To understand both the cultural evolution and the environmental changes and their interdependence properly, the oasis has to be studied in great local detail, as well as in a much wider context of northeastern Africa. The general trends, both cultural and natural, throughout the Sahara, and Nile Valley and the eastern and central Sahara as well as locally in the oasis itself must be understood to place the Dakhleh Oasis in its proper setting. Because the Dakhleh Oasis is both an isolated unit and a microcosm of much wider trends, the study is important. No such large oasis area of the eastern Sahara has yet been so broadly examined and in such great detail. What occurs in the Dakhleh Oasis, will in all probability also occur in other places, with local variations. For example, because of human interference and natural destruction, early adaptation in the Nile Valley is imperfectly understood. The Dakhleh Oasis is isolated but not too distant from the Nile, is subject to many of the same but a much less complex group of influences, and the DOP will be able to shed light on such a problem area.

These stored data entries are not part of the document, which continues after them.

Lemma mpp_step_simulation r (c c' : mconf V k) m :
    mpp_step e c m = Some c' -> mvalid r c' ->
  exists sms, spp_run e (k * r) (pooled_red c.1, c.2) sms = Some (pooled_red c'.1, c'.2)
              /\ spp_io sms <= k * mis_io m.
Proof.
case: c => R B; case: m => [f|f|f|j v|v] /=.
- case: ifP => // /andP[_ /forallP sel_f] [<-] /card_pooled_red /= card'.
  exists (map (@SStore V) (selected f)); rewrite spp_run_store; first split.
  + by congr (Some (_, _)); apply/setP=> x; rewrite !inE mem_selected.
  + by apply: (@spp_io_map_selected _ true).
  + move=> x; rewrite mem_selected => /existsP[j /eqP fj].
    by have := sel_f j; rewrite fj => xR; apply/bigcupP; exists j.
  + by rewrite (leq_trans _ card') // pooled_red_add_red subset_leq_card ?subsetUl.
- case: ifP => // /andP[_ /forallP sel_f] [<-] /card_pooled_red /= card'.
  rewrite pooled_red_add_red in card' *.
  exists (map (@SLoad V) (selected f)).
  rewrite (@spp_run_add_red _ _ (fun _ v => v \in B)) //=; first split=> //.
  + by apply: (@spp_io_map_selected _ true).
  + by move=> A v ->.
  + by move=> x; rewrite mem_selected => /existsP[j /eqP fj]; have := sel_f j; rewrite fj.
- case: ifP => // /andP[_ /forallP sel_f] [<-] /card_pooled_red /= card'.
  rewrite pooled_red_add_red in card' *.
  exists (map (@SComp V) (selected f)).
  rewrite (@spp_run_add_red _ _ (fun A v => preds_in e v A)) //=; first split=> //.
  + by apply: (@spp_io_map_selected _ false).
  + by move=> A v ->.
  + by move=> A A' v; apply: preds_in_subset.
  move=> x; rewrite mem_selected => /existsP[i /eqP fi]; have := sel_f i; rewrite fi.
  by apply: preds_in_subset; apply/subsetP=> y yR; apply/bigcupP; exists i.
- case: ifP => // vRj [<-] /card_pooled_red /= card'.
  have [sms run_sms io_sms] := spp_run_pooled_red_delR B vRj card'.
  by exists sms; rewrite io_sms.
- case: ifP => // vB [<-] /card_pooled_red /= card'.
  by exists [:: SDelB v]; rewrite /= vB card'.
Qed.

Lemma mpp_run_simulation r ms (c c' : mconf V k) : mpp_run e r c ms = Some c' ->
  exists sms, spp_run e (k * r) (pooled_red c.1, c.2) sms = Some (pooled_red c'.1, c'.2)
              /\ spp_io sms <= k * mpp_io ms.
Proof.
elim: ms c => [|m ms IH] c /=; first by case=> <-; exists [::].
case step_m: (mpp_step e c m) => [c1|] //; case: ifP => // valid_c1.
move=> /IH[sms2 [run2 io2]].
have [sms1 [run1 io1]] := mpp_step_simulation step_m valid_c1.
exists (sms1 ++ sms2); rewrite (spp_run_cat _ run1) run2; split=> //.
by rewrite /spp_io count_cat mulnDr leq_add.
Qed.

Lemma mpp_strategy_simulation r (ms : seq (mmove V k)) : mpp_strategy e r ms ->
  exists2 sms, spp_strategy e (k * r) sms & spp_io sms <= k * mpp_io ms.
Proof.
rewrite /mpp_strategy; case run_ms: (mpp_run e r (minit V k) ms) => [c|] // term_c.
have [sms [run_sms io_sms]] := mpp_run_simulation run_ms.
have pooled_red0 : pooled_red (minit V k).1 = set0.
  by apply/setP=> x; rewrite inE; apply/bigcupP=> -[j _]; rewrite ffunE inE.
rewrite pooled_red0 in run_sms.
exists sms => //; rewrite /spp_strategy run_sms.
apply/forallP=> v; apply/implyP=> sink_v; have := implyP (forallP term_c v) sink_v.
case/orP=> [vB | /existsP[j vR]]; rewrite inE ?vB ?orbT //.
by apply/orP; left; apply/bigcupP; exists j.
Qed.

End Simulation.

Local Open Scope ring_scope.

Theorem lemma5 (V : finType) (e : rel V) (k r L : nat) :
  dag e -> (0 < k)%N -> (0 < r)%N -> (0 < L)%N ->
  (forall ms : seq (smove V), spp_strategy e (k * r) ms -> (L <= spp_io ms)%N) ->
  forall ms : seq (mmove V k), mpp_strategy e r ms ->
    (L%:R / k%:R : rat) <= (mpp_io ms)%:R.
Proof.
move=> _ k_gt0 _ _ spp_lower ms /mpp_strategy_simulation[sms spp_sms io_sms].
have L_le : (L <= mpp_io ms * k)%N by rewrite mulnC (leq_trans (spp_lower _ spp_sms)).
by rewrite ler_pdivrMr ?ltr0n // -natrM ler_nat.
Qed.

Through an understanding of the cultural development in the oasis, and in the variety of ways people have had to adapt and accomodate themselves to their changing world, and also how they have influenced or created change in their world, it should become easier to understand the present-day problems of life in an hyper-arid environment, with fertile soils but with a finite water supply. Past solutions and mistakes and results can often better inform mankind. This in turn will inform development agencies for future planning and programs in such regions.
general view of Qasr

The Dakhleh Oasis lies some 800 km SSE of Cairo, surrounded by the wastes of the eastern Sahara, centered at 25o 30'N and 29o 07'E. The oasis is some 80 km west to east and 25 km maximum wide. The population (in 2002) is about 75,000. The local economy is based in agriculture, and there are no known mineral or other viable resources. The capital is at Mut, which has been the main town since at least the Eighteenth Dynasty, about 1,500 BCE. Before then, the site of 'Ain Asil at Balat in eastern Dakhleh had been the seat of the government, since 2,500 BCE, and before that the less settled Neolithic and earlier populations inhabited the area. The Dakhleh Oasis has had a continuity of settlement for about the last 8,000 years but only since 2,500 BCE has it been politically tied to the Nile region. Climatic trends and events that can be discerned in most of the eastern Sahara are also seen at Dakhleh.

The first European traveller to 'discover' the Dakhleh Oasis was Sir Archibald Edmonstone, in 1819. He was followed by several other early travellers, but it was not until 1908 that the first egyptologist, Herbert Winlock visited the oasis and noted its monuments in a systematic manner. Only in the 1950s was any real interest taken, first by Dr. Ahmed Fakhry, and in the late 1970s an expedition of the Institut Français d'Archéologie Orientale and the Dakhleh Oasis Project each began detailed studies in the oasis.

The Dakhleh Oasis Project has been conducting this wide study since 1978, supported by a number of universities and organizations. Among these have been Monash University, The University of Durham, the University of Toronto, Columbia University, The Royal Ontario Museum, the Society for the Study of Egyptian Antiquities, the American Research Centre in Egypt, the Egyptology Society of Victoria, The Dakhleh Trust, as well as the many institutions of the various participating scholars which support individuals. Support for the DOP is governmental, institutional, corporate and individual and is invited at all times.

The results of the DOP fieldwork are published as quickly as possible, in order that they enter the public domain without delay. The Bibliography of titles generated by the Project members is complete and is also found in this website. It will give the reader access to all our research and reporting.